Assignment:
Please retype only the lines below that run from the one containing "(forall i, (1 <= i <= r)%N -> nonatomic" through the last line, both included, without altering a word.

*** Opening Material for this task ***

(* The Markov spectrum of $\mathbb{Q}((1/T))$ is $\mathcal{M}=\{1,2,3,\dots\}\cup\{\infty\}$.
   Context: $\mathbb{Q}((1/T))$ is the field of formal Laurent series $\sum_{i=-\infty}^m a_iT^i$ with $a_i\in\mathbb{Q}$. For nonzero $\alpha$ with leading term $a_mT^m$, $a_m\ne0$, set $\deg\alpha=m$, and $\deg0=-\infty$. A binary quadratic form over $\mathbb{Q}((1/T))$ is $Q(X,Y)=AX^2+BXY+CY^2$ with $A,B,C\in\mathbb{Q}((1/T))$ not all in $\mathbb{Q}(T)$; its discriminant is $D=B^2-4AC$. It is indefinite if $D\neq0$ and $D$ is a square in $\mathbb{Q}((1/T))$. Put $m(Q)=\inf\{\deg Q(X,Y): X,Y\in\mathbb{Q}[T],\ (X,Y)\ne(0,0)\}\in\mathbb{Z}\cup\{-\infty\}$. The Markov spectrum is $\mathcal{M}=\{\tfrac{\deg D}{2}-m(Q): Q \text{ an indefinite binary quadratic form}\}$, where the value is $+\infty$ when $m(Q)=-\infty$. *)

From HB Require Import structures.
From mathcomp Require Import all_boot all_order all_algebra.
Set Implicit Arguments. Unset Strict Implicit. Unset Printing Implicit Defensive.
Import Order.TTheory GRing.Theory Num.Theory.
Local Open Scope ring_scope.

(* A formal Laurent series sum_{i <= bnd} coef i T^i over Q, with an explicit
   upper bound on the support. Equality of series is [eqLS] (coefficientwise). *)
Record LS := mkLS {
  coef : int -> rat;
  bnd : int;
  bndP : forall i : int, bnd < i -> coef i = 0 }.

Definition eqLS (x y : LS) : Prop := forall i, coef x i = coef y i.

Program Definition LSadd (a b : LS) : LS :=
  @mkLS (fun i => coef a i + coef b i) (Num.max (bnd a) (bnd b)) _.
Next Obligation.
move=> a b i /=; rewrite gt_max => /andP[ha hb].
by rewrite (bndP ha) (bndP hb) addr0.
Qed.

Program Definition LSopp (a : LS) : LS := @mkLS (fun i => - coef a i) (bnd a) _.
Next Obligation. by move=> a i H /=; rewrite (bndP H) oppr0. Qed.

Program Definition LSscale (c : rat) (a : LS) : LS :=
  @mkLS (fun i => c * coef a i) (bnd a) _.
Next Obligation. by move=> c a i H /=; rewrite (bndP H) mulr0. Qed.

(* Cauchy product: coefficient n is sum over i + j = n with i <= bnd a, j <= bnd b. *)
Program Definition LSmul (a b : LS) : LS :=
  @mkLS (fun n => if n <= bnd a + bnd b then
           \sum_(k < (absz (bnd a + bnd b - n)%R).+1)
              coef a (bnd a - k%:Z) * coef b (n - bnd a + k%:Z)
         else 0) (bnd a + bnd b) _.
Next Obligation. by move=> a b i H /=; rewrite leNgt H. Qed.

Program Definition ofpoly (p : {poly rat}) : LS :=
  @mkLS (fun i => match i with Posz n => p`_n | Negz _ => 0 end) (size p)%:Z _.
Next Obligation.
move=> p i H /=; case: i H => // n; rewrite ltz_nat => H.
by rewrite nth_default // ltnW.
Qed.

Definition in_QT (a : LS) : Prop :=
  exists q p : {poly rat}, q != 0 /\ eqLS (LSmul (ofpoly q) a) (ofpoly p).

(* is_deg a d : the degree of a is d, with None standing for -infinity. *)
Definition is_deg (a : LS) (d : option int) : Prop :=
  match d with
  | None => forall i, coef a i = 0
  | Some m => coef a m != 0 /\ forall i, m < i -> coef a i = 0
  end.

Definition qval (A B C : LS) (X Y : {poly rat}) : LS :=
  LSadd (LSadd (LSmul A (LSmul (ofpoly X) (ofpoly X)))
               (LSmul B (LSmul (ofpoly X) (ofpoly Y))))
        (LSmul C (LSmul (ofpoly Y) (ofpoly Y))).

Definition disc (A B C : LS) : LS :=
  LSadd (LSmul B B) (LSopp (LSscale 4 (LSmul A C))).

(* binary quadratic form over Q((1/T)): not all of A, B, C in Q(T) *)
Definition is_form (A B C : LS) : Prop := ~ (in_QT A /\ in_QT B /\ in_QT C).

Definition indefinite (A B C : LS) : Prop :=
  (exists i, coef (disc A B C) i != 0) /\
  exists s : LS, eqLS (LSmul s s) (disc A B C).

(* markov_value A B C v : deg D / 2 - m(Q) = v, where v = None means +infinity
   (i.e. m(Q) = -infinity) and m(Q) is the infimum in Z u {-oo} of
   deg Q(X,Y) over (X,Y) <> (0,0) in Q[T]^2. *)
Definition markov_value (A B C : LS) (v : option rat) : Prop :=
  match v with
  | None => forall k : int, exists X Y : {poly rat}, (X != 0 \/ Y != 0) /\
              forall i, k <= i -> coef (qval A B C X Y) i = 0
  | Some r => exists dD m : int,
      is_deg (disc A B C) (Some dD) /\
      r = dD%:~R / 2 - m%:~R /\
      (exists X Y : {poly rat}, (X != 0 \/ Y != 0) /\ is_deg (qval A B C X Y) (Some m)) /\
      (forall X Y : {poly rat}, (X != 0 \/ Y != 0) ->
          exists d : int, is_deg (qval A B C X Y) (Some d) /\ m <= d)
  end.

Definition markov_spectrum (v : option rat) : Prop :=
  exists A B C : LS, is_form A B C /\ indefinite A B C /\ markov_value A B C v.

(* A form Q = AX^2 + BXY + CY^2 whose discriminant is a square s^2 factors as
   4A Q(X, Y) = (2AX + (B - s)Y) (2AX + (B + s)Y).  By the box principle (a nonzero
   vector in the kernel of a linear system with more unknowns than equations) there
   are polynomials X, Y, not both zero, with deg Y < N and
   deg (2AX + (B - s)Y) <= deg A - N; for N > |deg A - deg s| the second factor has
   degree at most deg s + N - 1, so deg Q(X, Y) <= deg s - 1 = deg D / 2 - 1.  Hence
   every finite value deg D / 2 - m(Q) is a positive integer.

   Conversely let s_n be the square root of c_n = T^(2n) - 1 in Q((1/T)), of degree n.
   It is not in Q(T), since X^2 = c_n Y^2 forces Y = 0 (evaluate at T = 0, where
   c_n = -1, and descend).  The form s_n X^2 - s_n c_n Y^2 = s_n (X^2 - c_n Y^2) has
   discriminant (2 c_n)^2, of degree 4n, and minimum n, attained at (1, 0); so it has
   Markov value n.  Finally XY + s_1 Y^2 vanishes at (1, 0), giving the value infinity. *)

From mathcomp Require Import all_boot all_order all_algebra.
From mathcomp Require Import zify ring lra.
Set Implicit Arguments. Unset Strict Implicit. Unset Printing Implicit Defensive.
Import Order.TTheory GRing.Theory Num.Theory.
Local Open Scope ring_scope.

Lemma coef_LSadd a b n : coef (LSadd a b) n = coef a n + coef b n.
Proof. by []. Qed.

Lemma coef_LSopp a n : coef (LSopp a) n = - coef a n.
Proof. by []. Qed.

Lemma coef_LSscale c a n : coef (LSscale c a) n = c * coef a n.
Proof. by []. Qed.

Lemma coef_ofpoly_nat (p : {poly rat}) (k : nat) : coef (ofpoly p) k%:Z = p`_k.
Proof. by []. Qed.
(* Consider the augmenting-path algorithm for online generalized network flow with resulting flows $x^{(0)},x^{(1)},\dots,x^{(T)}$. Let $t\in[T]$ and let $v$ be a vertex of the graph at time $t-1$. Then $\mathrm{height}_t(v)\ge\mathrm{height}_{t-1}(v)$.
   Context: Generalized network flow instance: digraph $G=(V,E)$ without anti-parallel edges, sources with no incoming edges, sink $\tau$ with no outgoing edges, edge capacities $\mu_e>0$, costs $c_e>0$, gains $\gamma_e>0$; convention: every vertex $v\ne\tau$ has a dummy edge $v\tau$ of infinite capacity, gain $1$ and sufficiently large cost $B$. Online generalized network flow: sources $s_1,\dots,s_T$ (each with supply $1$) arrive one at a time with their outgoing edges. Residual graph $G^x$ for $x$ with $0\le x_e\le\mu_e$: forward edge $uv$ (capacity $\mu_{uv}-x_{uv}$, cost $c_{uv}$, gain $\gamma_{uv}$) if $x_{uv}<\mu_{uv}$; backward edge $vu$ (capacity $\gamma_{uv}x_{uv}$, cost $0$, gain $1/\gamma_{uv}$) if $x_{uv}>0$. A fractional augmenting path from $s\neq\tau$ in $G^x$ is $f\ge0$ on the residual edges with out-minus-gain-weighted-in flow equal to $1$ at $s$ and $0$ at every vertex other than $s,\tau$; cost $\sum_e c^x_ef_e$. It is an augmenting path if its support is a path from $s$ to $\tau$, or a cycle through $s$ avoiding $\tau$, or a cycle avoiding $s,\tau$ together with a path from $s$ to the cycle internally disjoint from it. Augmenting $x$ by $\theta$ units using $f$: for each forward residual edge $uv$ set $x_{uv}\gets x_{uv}+\theta f_{uv}$, and for each backward residual edge $vu$ set $x_{uv}\gets x_{uv}-\theta f_{vu}/\gamma_{uv}$. The algorithm: $x^{(0)}=0$; at time $t$, add $s_t$ and its edges, set $x\gets x^{(t-1)}$ (zero on new edges), and while $\sum_{e\in\delta^+(s_t)}x_e<1$, find a cheapest augmenting path $f$ from $s_t$ in $G^x$, let $\theta>0$ be the largest value such that augmenting by $\theta$ using $f$ keeps $x_e\in[0,\mu_e]$ for all $e$ and $\sum_{e\in\delta^+(s_t)}x_e\le1$, and augment; finally $x^{(t)}\gets x$. For a vertex $v\ne\tau$ present at time $t$, $\mathrm{height}_t(v)$ is the minimum cost of an augmenting path from $v$ in $G^{x^{(t)}}$; $\mathrm{height}_t(\tau)=0$. *)

From HB Require Import structures.
From mathcomp Require Import all_boot all_order all_algebra.
Set Implicit Arguments. Unset Strict Implicit. Unset Printing Implicit Defensive.
Import Order.TTheory GRing.Theory Num.Theory.
Local Open Scope ring_scope.

(* The whole graph (over all
   times) is given; vertex [src i] (i : 'I_T) is the source s_{i+1}, arriving at
   time i+1.  Edges are indexed by a finite type [E]; capacity [None] means
   infinite capacity (used for the dummy edges v -> tau). *)
Record gnf (R : realFieldType) := GNF {
  V : finType;
  E : finType;
  tail : E -> V;
  head : E -> V;
  tau : V;
  mu : E -> option R;
  cost : E -> R;
  gain : E -> R;
  Bcost : R;
  T : nat;
  src : 'I_T -> V
}.

Section GNF.
Variable R : realFieldType.
Variable I : gnf R.

Local Notation V := (V I).
Local Notation E := (E I).
Local Notation tail := (@tail R I).
Local Notation head := (@head R I).
Local Notation tau := (tau I).
Local Notation mu := (@mu R I).
Local Notation cost := (@cost R I).
Local Notation gain := (@gain R I).
Local Notation B := (Bcost I).
Local Notation T := (T I).
Local Notation src := (@src R I).
(* Let $G$ be a tree, let $P$ and $T$ be valid search trees on $G$. Then every node $v$ of $T$ is a transition point (with respect to $T$) of at most one node $y$ of $P$.
   Context: Search tree on a tree: a rooted tree $T$ is a valid search tree on an unrooted tree $G$ if the root $r$ of $T$ is a vertex of $G$ and the subtrees of $T\setminus r$ are valid search trees on the connected components of $G\setminus r$. For a node $y$ of $P$, $P(y)$ denotes the subtree of $P$ rooted at $y$ (and its vertex set). Transition points: let $y$ be a non-leaf node of $P$ with children $y_1,\dots,y_d$, and regard $y$ itself as belonging to the part $P(y_1)$ (i.e. the parts are $\{y\}\cup P(y_1), P(y_2),\dots,P(y_d)$). For $i=1,\dots,d$ let $\ell_i$ be the node of the $i$-th part having smallest depth in $T$. Let $\ell_{i^*}$ be the one of smallest depth in $T$ among $\ell_1,\dots,\ell_d$ (it is the lowest common ancestor in $T$ of all nodes of $P(y)$), called the dominating node of $P(y)$ in $T$. For each $i\neq i^*$, the node $\ell_i$ is called the transition point of $y$ for $P(y_i)$. *)

From mathcomp Require Import all_boot.
Set Implicit Arguments.
Unset Strict Implicit.
Unset Printing Implicit Defensive.

Section Defs.
Variable V : finType.

Definition simple_graph (e : rel V) : Prop := symmetric e /\ irreflexive e.

Definition has_cycle (e : rel V) : Prop :=
  exists (x : V) (p : seq V),
    [/\ 2 <= size p, path e x p, uniq (x :: p) & e (last x p) x].
(* Let $G$ be a finite group which is not simple (and nontrivial). Then $|L(G)|$ is disconnected if and only if $G\cong A\rtimes \mathbb{Z}/p$ where $A\neq 1$ is an elementary abelian group, $p$ is prime, and $A$ has no proper nontrivial subgroup invariant under the action of $\mathbb{Z}/p$.
   Context: $L(G)$ is the poset of proper nontrivial subgroups of $G$ ordered by inclusion, and $|L(G)|$ the geometric realization of its order complex. Disconnected means not path-connected. *)

From HB Require Import structures.
From mathcomp Require Import all_boot all_order all_algebra all_fingroup all_solvable.
From mathcomp Require Import all_classical all_reals all_analysis.
From mathcomp Require Import Rstruct Rstruct_topology.
From Stdlib Require Import Rdefinitions.
Set Implicit Arguments. Unset Strict Implicit. Unset Printing Implicit Defensive.
Import Order.TTheory GRing.Theory Num.Theory.
Local Open Scope classical_set_scope.
Local Open Scope ring_scope.

Definition subgroup_poset (gT : finGroupType) (G : {group gT}) : {set {group gT}} :=
  [set H : {group gT} | (H \proper G) && (H :!=: 1)%g].

(* Geometric realisation of the order complex of L(G): the points are the
   convex combinations of vertices of L(G) whose support is a chain, i.e.
   functions f : {group gT} -> R, f >= 0, sum f = 1, supported on a chain of
   L(G).  The topology is the subspace topology of the product topology
   R^{group gT}; for a finite complex this coincides with the usual
   (weak / Euclidean) topology of the realisation. *)
Definition order_complex_realization (gT : finGroupType) (G : {group gT})
  : set {ptws {group gT} -> R} :=
  [set f | (forall H, 0 <= f H)
        /\ (forall H, f H != 0 -> H \in subgroup_poset G)
        /\ \sum_(H : {group gT}) f H = 1
        /\ (forall H K, f H != 0 -> f K != 0 -> (H \subset K) || (K \subset H))].

Definition path_connected_set (X : topologicalType) (A : set X) : Prop :=
  forall x y, A x -> A y ->
    exists f : R -> X,
      [/\ f 0 = x, f 1 = y,
          {within [set t : R | 0 <= t <= 1], continuous f}
        & forall t : R, 0 <= t <= 1 -> A (f t)].

Definition disconnected_space (X : topologicalType) (A : set X) : Prop :=
  ~ path_connected_set A.
Lemma idempotent_below p : UltraFilter p -> umul p p = p ->
  (forall y, ultras H y -> ultras H (umul y p)) -> (forall y, ultras H y -> ultras H (umul p y)) ->
  exists r, [/\ ultras H r, umul r r = r, umul r p = r & umul p r = r].
Proof.
move=> up pp Hp pH; have [y0 Hy0] := H_neq0.
have [_ [y Hy <-] uu] : exists2 w, [set umul y p | y in ultras H] w & umul w w = w.
  apply: ellis_numakura; first exact: ultras_umulr_uclosed.
  - by move=> _ [y [uy _] <-]; exact: umul_ultra.
  - by exists (umul y0 p), y0.
  - move=> _ _ [y1 Hy1 <-] [y2 Hy2 <-].
    by exists (umul (umul y1 p) y2); [apply: H_mul => //; exact: Hp|rewrite umulA].
set w := umul y p in uu *.
have wp : umul w p = w by rewrite /w umulA pp.
exists (umul p w); split.
- exact/pH/Hp.
- by rewrite umulA -[umul w (umul p w)]umulA wp uu.
- by rewrite umulA wp.
- by rewrite -umulA pp.
Qed.

End ClosedSemigroup.

End Semigroup.

(** * Located words *)

Section Tails.
Variable T : eqType.
Local Notation S := (seq (nat * T)).
Implicit Types (u v : S) (D : set S) (p y z : set_system S).

Definition tail N : set S := [set u | all (fun e => N < e.1) u].

Definition maxpos u := \max_(e <- u) e.1.

Definition tail_ultras D := ultras (D |` range tail).

Definition cat_closed D1 D2 D3 :=
  forall u v, D1 u -> D2 v -> tail (maxpos u) v -> D3 (u ++ v).

Lemma tail_ultrasE D p : tail_ultras D p <-> [/\ UltraFilter p, p D & forall N, p (tail N)].
Proof.
split=> [[up sp]|[up pD pt]]; first by split=> // [|N]; apply: sp; [left|right; exists N].
by split=> // X [->|[N _ <-]].
Qed.

Lemma tail_ultrasS D1 D2 : D1 `<=` D2 -> tail_ultras D1 `<=` tail_ultras D2.
Proof.
by move=> sD p /tail_ultrasE [up pD pt]; apply/tail_ultrasE; split=> //; exact: filterS pD.
Qed.

Lemma tail_ultras_umul D1 D2 D3 y z :
  cat_closed D1 D2 D3 -> tail_ultras D1 y -> tail_ultras D2 z -> tail_ultras D3 (umul y z).
Proof.
move=> cl /tail_ultrasE [uy yD yt] /tail_ultrasE [uz zD zt]; apply/tail_ultrasE; split.
- exact: umul_ultra.
- apply: filterS yD => u Du; have zDt : z (D2 `&` tail (maxpos u)) by exact: filterI.
  by apply: filterS zDt => v [Dv tv]; exact: cl.
- move=> N; apply: filterS (yt N) => u tu; apply: filterS (zt N) => v tv.
  by rewrite /tail /= all_cat; apply/andP.
Qed.

Lemma tail_ultras_fmap f D1 D2 p : (forall u, D1 u -> D2 (f u)) ->
  (forall N u, tail N u -> tail N (f u)) -> tail_ultras D1 p -> tail_ultras D2 (fmap f p).
Proof.
move=> fD ft /tail_ultrasE [up pD pt]; apply/tail_ultrasE; split=> [|//|N]; rewrite ?fmapE.
- exact: fmap_ultra.
- by apply: filterS pD => u; exact: fD.
- by apply: filterS (pt N) => u; exact: ft.
Qed.

Lemma fmap_id_on f D p : tail_ultras D p -> (forall u, D u -> f u = u) -> fmap f p = p.
Proof.
move=> /tail_ultrasE [up pD _] fD; have ufp := fmap_ultra f up.
apply: (@max_filter _ p up); move=> A pA; have pDA : p (D `&` A) by exact: filterI.
by rewrite fmapE; apply: filterS pDA => u [/fD fu Au]; rewrite /preimage /= fu.
Qed.

Lemma maxpos_ge u e : e \in u -> e.1 <= maxpos u.
Proof. by move=> eu; apply: (@leq_bigmax_seq _ u xpredT (fun e => e.1) e). Qed.
(* Let $(M,\Sigma)$ be a measurable space, $r\ge1$, and $\mu_1,\dots,\mu_r$ non-atomic countably additive finite measures on $\Sigma$. For $k\ge1$ let $t(k)=k\bmod r$ if this is nonzero and $t(k)=r$ otherwise. Let $(H_k)_{k\ge1}$ be a sequence of measurable sets such that for every $k$: $H_k\subseteq M\setminus\bigcup_{i=1}^{k-1}H_i$, $H_k$ admits a strong solution (a partition $H_k=F_1\sqcup\dots\sqcup F_r$ with $\mu_i(F_i)\ge\mu_i(F_j)$ for all $i,j$), and $\mu_{t(k)}(H_k)\ge 2^{-(r-1)}\mu_{t(k)}\bigl(M\setminus\bigcup_{i=1}^{k-1}H_i\bigr)$. Let $M_\infty=M\setminus\bigcup_{i=1}^\infty H_i$. Then $\mu_j(M_\infty)=0$ for every $j\in\{1,\dots,r\}$. *)

From HB Require Import structures.
From mathcomp Require Import all_boot all_order all_algebra.
From mathcomp Require Import all_classical all_reals all_analysis.
Set Implicit Arguments. Unset Strict Implicit. Unset Printing Implicit Defensive.
Import Order.TTheory GRing.Theory Num.Theory.
Local Open Scope classical_set_scope.
Local Open Scope ring_scope.

Definition nonatomic d (T : measurableType d) (R : realType)
  (mu : set T -> \bar R) : Prop :=
  forall A, measurable A -> (0 < mu A)%E ->
    exists2 B, measurable B /\ B `<=` A & (0 < mu B)%E /\ (mu B < mu A)%E.

Definition strong_solution d (T : measurableType d) (R : realType) (r : nat)
  (mu : nat -> set T -> \bar R) (H : set T) : Prop :=
  exists F : nat -> set T,
    [/\ (forall i, (1 <= i <= r)%N -> measurable (F i)),
        (forall i j, (1 <= i <= r)%N -> (1 <= j <= r)%N -> i != j ->
            F i `&` F j = set0),
        H = \bigcup_(i in [set i | (1 <= i <= r)%N]) F i &
        (forall i j, (1 <= i <= r)%N -> (1 <= j <= r)%N ->
            (mu i (F j) <= mu i (F i))%E)].

Definition tidx (r k : nat) : nat := if (k %% r)%N != 0%N then (k %% r)%N else r.

Definition remaining (T : Type) (H : nat -> set T) (k : nat) : set T :=
  ~` (\bigcup_(i in [set i | (1 <= i < k)%N]) H i).

From HB Require Import structures.
From mathcomp Require Import all_boot all_order all_algebra.
From mathcomp Require Import all_classical all_reals all_analysis.
Import Order.TTheory GRing.Theory Num.Theory.
Local Open Scope classical_set_scope.
Local Open Scope ring_scope.

(* The sets H_k are pairwise disjoint and every r-th of them, H_(j + n r),
   carries a fixed fraction c of mu_j(M \ (H_1 ∪ ... ∪ H_(j+nr-1))), which
   is at least mu_j(M_oo). Hence mu_j of H_1 ∪ ... ∪ H_(j+nr-1) is at least
   n c mu_j(M_oo), which is impossible for a finite measure unless
   mu_j(M_oo) = 0. Non-atomicity and the strong solutions are needed only to
   construct such a sequence; the conclusion does not use them. *)

Lemma tidx_addMn r j n : (1 <= j <= r)%N -> tidx r (j + n * r) = j.
Proof.
move=> /andP[j_gt0 j_le_r]; rewrite /tidx addnC modnMDl.
move: j_le_r; rewrite leq_eqVlt => /orP[/eqP ->|j_lt_r]; first by rewrite modnn.
by rewrite modn_small // -lt0n j_gt0.
Qed.

Lemma natmul_bounded_le0 (R : archiRealFieldType) (e b : R) :
  (forall n : nat, e *+ n <= b) -> e <= 0.
Proof.
move=> e_bounded; rewrite leNgt; apply/negP => e_gt0.
have b_ge0 : 0 <= b by have := e_bounded 0%N; rewrite mulr0n.
have := archi_boundP (divr_ge0 b_ge0 (ltW e_gt0)).
rewrite ltr_pdivrMr // mulr_natl => b_lt.
by have := lt_le_trans b_lt (e_bounded _); rewrite ltxx.
Qed.

Definition covered {T : Type} (H : nat -> set T) (N : nat) : set T :=
  \bigcup_(i in [set i | (1 <= i < N)%N]) H i.

Lemma remainingE {T : Type} (H : nat -> set T) N :
  remaining H N = ~` covered H N.
Proof. by []. Qed.

Section pairwise_disjoint_sequence.
Context {d : measure_display} {T : measurableType d} {R : realType}.
Context {H : nat -> set T}.
Hypothesis measurable_H : forall k, (1 <= k)%N -> measurable (H k).
Hypothesis H_sub_remaining : forall k, (1 <= k)%N -> H k `<=` remaining H k.

Lemma measurable_covered N : measurable (covered H N).
Proof.
by apply: bigcup_measurable => k /= /andP[k_gt0 _]; exact: measurable_H.
Qed.

Lemma subset_covered N N' : (N <= N')%N -> covered H N `<=` covered H N'.
Proof.
move=> le_NN' x [i /= /andP[i_gt0 i_lt_N] Hix]; exists i => //=.
by rewrite i_gt0 (leq_trans i_lt_N le_NN').
Qed.

Lemma coveredS N : (1 <= N)%N -> covered H N.+1 = covered H N `|` H N.
Proof.
move=> N_gt0; apply/seteqP; split => x.
  move=> [i /= /andP[i_gt0]]; rewrite ltnS leq_eqVlt.
  move=> /orP[/eqP -> | i_lt_N] Hix.
    by right.
  by left; exists i => //=; rewrite i_gt0.
case=> [[i /= /andP[i_gt0 i_lt_N] Hix] | HNx].
  by exists i => //=; rewrite i_gt0 ltnW.
by exists N => //=; rewrite N_gt0 /=.
Qed.

Lemma measure_coveredS (mu : {measure set T -> \bar R}) N : (1 <= N)%N ->
  mu (covered H N.+1) = (mu (covered H N) + mu (H N))%E.
Proof.
move=> N_gt0; rewrite coveredS //.
apply: measureU; [exact: measurable_covered | exact: measurable_H |].
rewrite setIC; apply/disjoints_subset; rewrite -remainingE.
exact: H_sub_remaining.
Qed.

Lemma measure_covered_progression (mu : {measure set T -> \bar R}) k s (e : R) :
  (1 <= k)%N -> (1 <= s)%N ->
  (forall n, e%:E <= mu (H (k + n * s)))%E ->
  forall n, ((e *+ n)%:E <= mu (covered H (k + n * s)))%E.
Proof.
move=> k_gt0 s_gt0 e_le n; elim: n => [|n IHn]; first by rewrite mulr0n.
have kn_gt0 : (1 <= k + n * s)%N by rewrite (leq_trans k_gt0) ?leq_addr.
have next_le : ((k + n * s).+1 <= k + n.+1 * s)%N.
  by rewrite mulSn addnCA -[X in (X < _)%N]add0n ltn_add2r.
apply: (@le_trans _ _ (mu (covered H (k + n * s).+1))); last first.
  by apply: le_measure (subset_covered _ _ next_le); rewrite inE;
    exact: measurable_covered.
by rewrite measure_coveredS // mulrSr EFinD leeD.
Qed.

Lemma measure_uncovered_eq0 (mu : {finite_measure set T -> \bar R})
    k s (c : R) : (1 <= k)%N -> (1 <= s)%N -> 0 < c ->
  (forall n, c%:E * mu (remaining H (k + n * s)) <= mu (H (k + n * s)))%E ->
  mu (~` \bigcup_(i in [set i | (1 <= i)%N]) H i) = 0%E.
Proof.
move=> k_gt0 s_gt0 c_gt0 H_large.
set Moo := ~` _.
have measurable_Moo : measurable Moo.
  by apply: measurableC; apply: bigcup_measurable => i /=; exact: measurable_H.
have Moo_sub N : Moo `<=` remaining H N.
  by move=> x Moo_x [i /= /andP[i_gt0 _] Hix]; apply: Moo_x; exists i.
have MooE : mu Moo = (fine (mu Moo))%:E by rewrite fineK ?fin_num_measure.
have fine_Moo_ge0 : 0 <= fine (mu Moo) by rewrite -lee_fin -MooE measure_ge0.
have c_Moo_le n : ((c * fine (mu Moo))%:E <= mu (H (k + n * s)))%E.
  apply: le_trans _ (H_large n); rewrite EFinM -MooE lee_pmul2l ?lte_fin //.
  apply: le_measure (Moo_sub _); rewrite inE // remainingE.
  exact: measurableC (measurable_covered _).
have c_Moo_le0 : c * fine (mu Moo) <= 0.
  apply: (@natmul_bounded_le0 _ _ (fine (mu setT))) => n.
  rewrite -lee_fin fineK ?fin_num_measure //.
  have := measure_covered_progression mu k s _ k_gt0 s_gt0 c_Moo_le n.
  move/le_trans; apply.
  by apply: le_measure; rewrite ?inE //; exact: measurable_covered.
rewrite MooE; congr (_%:E); apply/eqP; rewrite eq_le fine_Moo_ge0 andbT.
by rewrite -(pmulr_rle0 _ c_gt0).
Qed.

End pairwise_disjoint_sequence.

Theorem corollary3 (d : measure_display) (M : measurableType d) (R : realType)
  (r : nat) (mu : nat -> {finite_measure set M -> \bar R}) (H : nat -> set M) :
  (1 <= r)%N ->
  (forall i, (1 <= i <= r)%N -> nonatomic (mu i)) ->
  (forall k, (1 <= k)%N ->
     [/\ measurable (H k),
         H k `<=` remaining H k,
         strong_solution r (fun i => (mu i : set M -> \bar R)) (H k) &
         (((2%:R : R) ^- r.-1)%:E * mu (tidx r k) (remaining H k)
            <= mu (tidx r k) (H k))%E]) ->
  forall j, (1 <= j <= r)%N ->
    mu j (~` (\bigcup_(i in [set i | (1 <= i)%N]) H i)) = 0%E.
Proof.
move=> r_gt0 _ hH j j_range; have /andP[j_gt0 _] := j_range.
have measurable_H k : (1 <= k)%N -> measurable (H k) by move=> /hH[].
have H_sub_remaining k : (1 <= k)%N -> H k `<=` remaining H k by move=> /hH[].
apply: (measure_uncovered_eq0 measurable_H H_sub_remaining (mu j) j r
  ((2%:R : R) ^- r.-1) j_gt0 r_gt0); first by rewrite invr_gt0 exprn_gt0.
move=> n; have := hH (j + n * r)%N; rewrite tidx_addMn //.
by case; rewrite ?(leq_trans j_gt0) ?leq_addr.
Qed.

*** Closing Material for this task ***

Written answer:
  (forall i, (1 <= i <= r)%N -> nonatomic (mu i)) ->
  (forall k, (1 <= k)%N ->
     [/\ measurable (H k),
         H k `<=` remaining H k,
         strong_solution r (fun i => (mu i : set M -> \bar R)) (H k) &
         (((2%:R : R) ^- r.-1)%:E * mu (tidx r k) (remaining H k)
            <= mu (tidx r k) (H k))%E]) ->
  forall j, (1 <= j <= r)%N ->
    mu j (~` (\bigcup_(i in [set i | (1 <= i)%N]) H i)) = 0%E.
Proof.
move=> r_gt0 _ hH j j_range; have /andP[j_gt0 _] := j_range.
have measurable_H k : (1 <= k)%N -> measurable (H k) by move=> /hH[].
have H_sub_remaining k : (1 <= k)%N -> H k `<=` remaining H k by move=> /hH[].
apply: (measure_uncovered_eq0 measurable_H H_sub_remaining (mu j) j r
  ((2%:R : R) ^- r.-1) j_gt0 r_gt0); first by rewrite invr_gt0 exprn_gt0.
move=> n; have := hH (j + n * r)%N; rewrite tidx_addMn //.
by case; rewrite ?(leq_trans j_gt0) ?leq_addr.
Qed.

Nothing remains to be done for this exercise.